** Source records follows **

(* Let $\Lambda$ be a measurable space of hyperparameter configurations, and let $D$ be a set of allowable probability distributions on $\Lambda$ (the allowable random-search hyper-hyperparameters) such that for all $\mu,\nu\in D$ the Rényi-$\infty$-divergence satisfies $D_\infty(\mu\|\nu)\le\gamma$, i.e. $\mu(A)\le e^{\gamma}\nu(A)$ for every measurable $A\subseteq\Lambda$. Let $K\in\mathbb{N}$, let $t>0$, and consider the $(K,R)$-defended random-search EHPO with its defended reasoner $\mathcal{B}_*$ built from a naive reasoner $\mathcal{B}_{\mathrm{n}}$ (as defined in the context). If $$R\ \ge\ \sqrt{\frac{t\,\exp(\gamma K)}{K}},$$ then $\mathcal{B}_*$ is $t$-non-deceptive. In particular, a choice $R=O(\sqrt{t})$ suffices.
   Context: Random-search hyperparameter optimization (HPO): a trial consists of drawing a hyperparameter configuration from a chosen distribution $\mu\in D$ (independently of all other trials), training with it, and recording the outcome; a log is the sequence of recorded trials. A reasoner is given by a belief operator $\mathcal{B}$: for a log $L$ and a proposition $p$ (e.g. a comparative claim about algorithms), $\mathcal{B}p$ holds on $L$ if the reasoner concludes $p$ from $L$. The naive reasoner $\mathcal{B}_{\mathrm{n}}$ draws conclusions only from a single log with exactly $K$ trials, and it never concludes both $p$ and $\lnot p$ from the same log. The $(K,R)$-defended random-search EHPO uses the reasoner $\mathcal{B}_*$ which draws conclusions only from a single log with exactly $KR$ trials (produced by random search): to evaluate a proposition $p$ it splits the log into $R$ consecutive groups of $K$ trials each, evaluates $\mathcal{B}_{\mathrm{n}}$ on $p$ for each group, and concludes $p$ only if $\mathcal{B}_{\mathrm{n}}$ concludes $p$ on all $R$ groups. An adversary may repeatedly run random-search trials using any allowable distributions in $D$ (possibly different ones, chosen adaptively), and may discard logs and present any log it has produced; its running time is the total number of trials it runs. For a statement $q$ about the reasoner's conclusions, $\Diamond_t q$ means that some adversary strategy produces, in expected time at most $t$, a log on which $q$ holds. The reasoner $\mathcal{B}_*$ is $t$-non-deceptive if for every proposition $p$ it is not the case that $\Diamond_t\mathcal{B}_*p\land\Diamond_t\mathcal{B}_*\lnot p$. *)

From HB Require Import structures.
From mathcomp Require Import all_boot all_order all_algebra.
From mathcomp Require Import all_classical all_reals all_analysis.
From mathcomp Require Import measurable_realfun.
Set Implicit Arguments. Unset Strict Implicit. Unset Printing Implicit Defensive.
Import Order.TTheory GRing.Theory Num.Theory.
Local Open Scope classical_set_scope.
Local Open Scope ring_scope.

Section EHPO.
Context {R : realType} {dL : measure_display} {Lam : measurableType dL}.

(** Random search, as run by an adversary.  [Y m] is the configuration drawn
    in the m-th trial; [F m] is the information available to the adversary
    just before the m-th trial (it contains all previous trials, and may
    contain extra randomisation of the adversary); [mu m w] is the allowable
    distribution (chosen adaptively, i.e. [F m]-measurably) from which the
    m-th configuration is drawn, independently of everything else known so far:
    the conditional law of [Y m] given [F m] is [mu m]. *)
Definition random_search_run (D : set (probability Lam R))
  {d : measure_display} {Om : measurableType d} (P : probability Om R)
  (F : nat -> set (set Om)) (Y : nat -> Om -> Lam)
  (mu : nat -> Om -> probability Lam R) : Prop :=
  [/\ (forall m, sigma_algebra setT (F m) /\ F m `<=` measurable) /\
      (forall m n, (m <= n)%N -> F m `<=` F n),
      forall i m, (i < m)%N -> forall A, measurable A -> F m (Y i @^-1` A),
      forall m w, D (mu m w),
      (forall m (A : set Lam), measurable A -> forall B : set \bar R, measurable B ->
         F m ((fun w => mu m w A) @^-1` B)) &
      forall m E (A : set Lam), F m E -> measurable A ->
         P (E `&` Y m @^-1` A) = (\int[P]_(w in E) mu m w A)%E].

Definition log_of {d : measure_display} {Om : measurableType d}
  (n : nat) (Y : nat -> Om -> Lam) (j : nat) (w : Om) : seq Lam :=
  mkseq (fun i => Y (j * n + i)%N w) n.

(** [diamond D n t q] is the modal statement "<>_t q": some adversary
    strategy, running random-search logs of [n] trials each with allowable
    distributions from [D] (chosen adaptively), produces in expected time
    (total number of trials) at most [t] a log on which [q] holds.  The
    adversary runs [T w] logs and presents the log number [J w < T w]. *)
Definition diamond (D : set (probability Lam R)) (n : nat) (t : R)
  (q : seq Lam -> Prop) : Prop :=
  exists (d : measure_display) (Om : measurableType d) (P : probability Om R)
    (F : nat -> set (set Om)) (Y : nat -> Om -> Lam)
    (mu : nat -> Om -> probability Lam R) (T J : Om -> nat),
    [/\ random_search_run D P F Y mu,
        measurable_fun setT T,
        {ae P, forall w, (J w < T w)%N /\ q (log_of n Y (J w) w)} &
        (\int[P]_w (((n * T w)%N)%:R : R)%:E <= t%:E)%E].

** End of Source records **

## Exercise:
The response must be an exact reproduction of all the entries.

## Solution below:
(* Let $\Lambda$ be a measurable space of hyperparameter configurations, and let $D$ be a set of allowable probability distributions on $\Lambda$ (the allowable random-search hyper-hyperparameters) such that for all $\mu,\nu\in D$ the Rényi-$\infty$-divergence satisfies $D_\infty(\mu\|\nu)\le\gamma$, i.e. $\mu(A)\le e^{\gamma}\nu(A)$ for every measurable $A\subseteq\Lambda$. Let $K\in\mathbb{N}$, let $t>0$, and consider the $(K,R)$-defended random-search EHPO with its defended reasoner $\mathcal{B}_*$ built from a naive reasoner $\mathcal{B}_{\mathrm{n}}$ (as defined in the context). If $$R\ \ge\ \sqrt{\frac{t\,\exp(\gamma K)}{K}},$$ then $\mathcal{B}_*$ is $t$-non-deceptive. In particular, a choice $R=O(\sqrt{t})$ suffices.
   Context: Random-search hyperparameter optimization (HPO): a trial consists of drawing a hyperparameter configuration from a chosen distribution $\mu\in D$ (independently of all other trials), training with it, and recording the outcome; a log is the sequence of recorded trials. A reasoner is given by a belief operator $\mathcal{B}$: for a log $L$ and a proposition $p$ (e.g. a comparative claim about algorithms), $\mathcal{B}p$ holds on $L$ if the reasoner concludes $p$ from $L$. The naive reasoner $\mathcal{B}_{\mathrm{n}}$ draws conclusions only from a single log with exactly $K$ trials, and it never concludes both $p$ and $\lnot p$ from the same log. The $(K,R)$-defended random-search EHPO uses the reasoner $\mathcal{B}_*$ which draws conclusions only from a single log with exactly $KR$ trials (produced by random search): to evaluate a proposition $p$ it splits the log into $R$ consecutive groups of $K$ trials each, evaluates $\mathcal{B}_{\mathrm{n}}$ on $p$ for each group, and concludes $p$ only if $\mathcal{B}_{\mathrm{n}}$ concludes $p$ on all $R$ groups. An adversary may repeatedly run random-search trials using any allowable distributions in $D$ (possibly different ones, chosen adaptively), and may discard logs and present any log it has produced; its running time is the total number of trials it runs. For a statement $q$ about the reasoner's conclusions, $\Diamond_t q$ means that some adversary strategy produces, in expected time at most $t$, a log on which $q$ holds. The reasoner $\mathcal{B}_*$ is $t$-non-deceptive if for every proposition $p$ it is not the case that $\Diamond_t\mathcal{B}_*p\land\Diamond_t\mathcal{B}_*\lnot p$. *)

From HB Require Import structures.
From mathcomp Require Import all_boot all_order all_algebra.
From mathcomp Require Import all_classical all_reals all_analysis.
From mathcomp Require Import measurable_realfun.
Set Implicit Arguments. Unset Strict Implicit. Unset Printing Implicit Defensive.
Import Order.TTheory GRing.Theory Num.Theory.
Local Open Scope classical_set_scope.
Local Open Scope ring_scope.

Section EHPO.
Context {R : realType} {dL : measure_display} {Lam : measurableType dL}.

(** Random search, as run by an adversary.  [Y m] is the configuration drawn
    in the m-th trial; [F m] is the information available to the adversary
    just before the m-th trial (it contains all previous trials, and may
    contain extra randomisation of the adversary); [mu m w] is the allowable
    distribution (chosen adaptively, i.e. [F m]-measurably) from which the
    m-th configuration is drawn, independently of everything else known so far:
    the conditional law of [Y m] given [F m] is [mu m]. *)
Definition random_search_run (D : set (probability Lam R))
  {d : measure_display} {Om : measurableType d} (P : probability Om R)
  (F : nat -> set (set Om)) (Y : nat -> Om -> Lam)
  (mu : nat -> Om -> probability Lam R) : Prop :=
  [/\ (forall m, sigma_algebra setT (F m) /\ F m `<=` measurable) /\
      (forall m n, (m <= n)%N -> F m `<=` F n),
      forall i m, (i < m)%N -> forall A, measurable A -> F m (Y i @^-1` A),
      forall m w, D (mu m w),
      (forall m (A : set Lam), measurable A -> forall B : set \bar R, measurable B ->
         F m ((fun w => mu m w A) @^-1` B)) &
      forall m E (A : set Lam), F m E -> measurable A ->
         P (E `&` Y m @^-1` A) = (\int[P]_(w in E) mu m w A)%E].

Definition log_of {d : measure_display} {Om : measurableType d}
  (n : nat) (Y : nat -> Om -> Lam) (j : nat) (w : Om) : seq Lam :=
  mkseq (fun i => Y (j * n + i)%N w) n.

(** [diamond D n t q] is the modal statement "<>_t q": some adversary
    strategy, running random-search logs of [n] trials each with allowable
    distributions from [D] (chosen adaptively), produces in expected time
    (total number of trials) at most [t] a log on which [q] holds.  The
    adversary runs [T w] logs and presents the log number [J w < T w]. *)
Definition diamond (D : set (probability Lam R)) (n : nat) (t : R)
  (q : seq Lam -> Prop) : Prop :=
  exists (d : measure_display) (Om : measurableType d) (P : probability Om R)
    (F : nat -> set (set Om)) (Y : nat -> Om -> Lam)
    (mu : nat -> Om -> probability Lam R) (T J : Om -> nat),
    [/\ random_search_run D P F Y mu,
        measurable_fun setT T,
        {ae P, forall w, (J w < T w)%N /\ q (log_of n Y (J w) w)} &
        (\int[P]_w (((n * T w)%N)%:R : R)%:E <= t%:E)%E].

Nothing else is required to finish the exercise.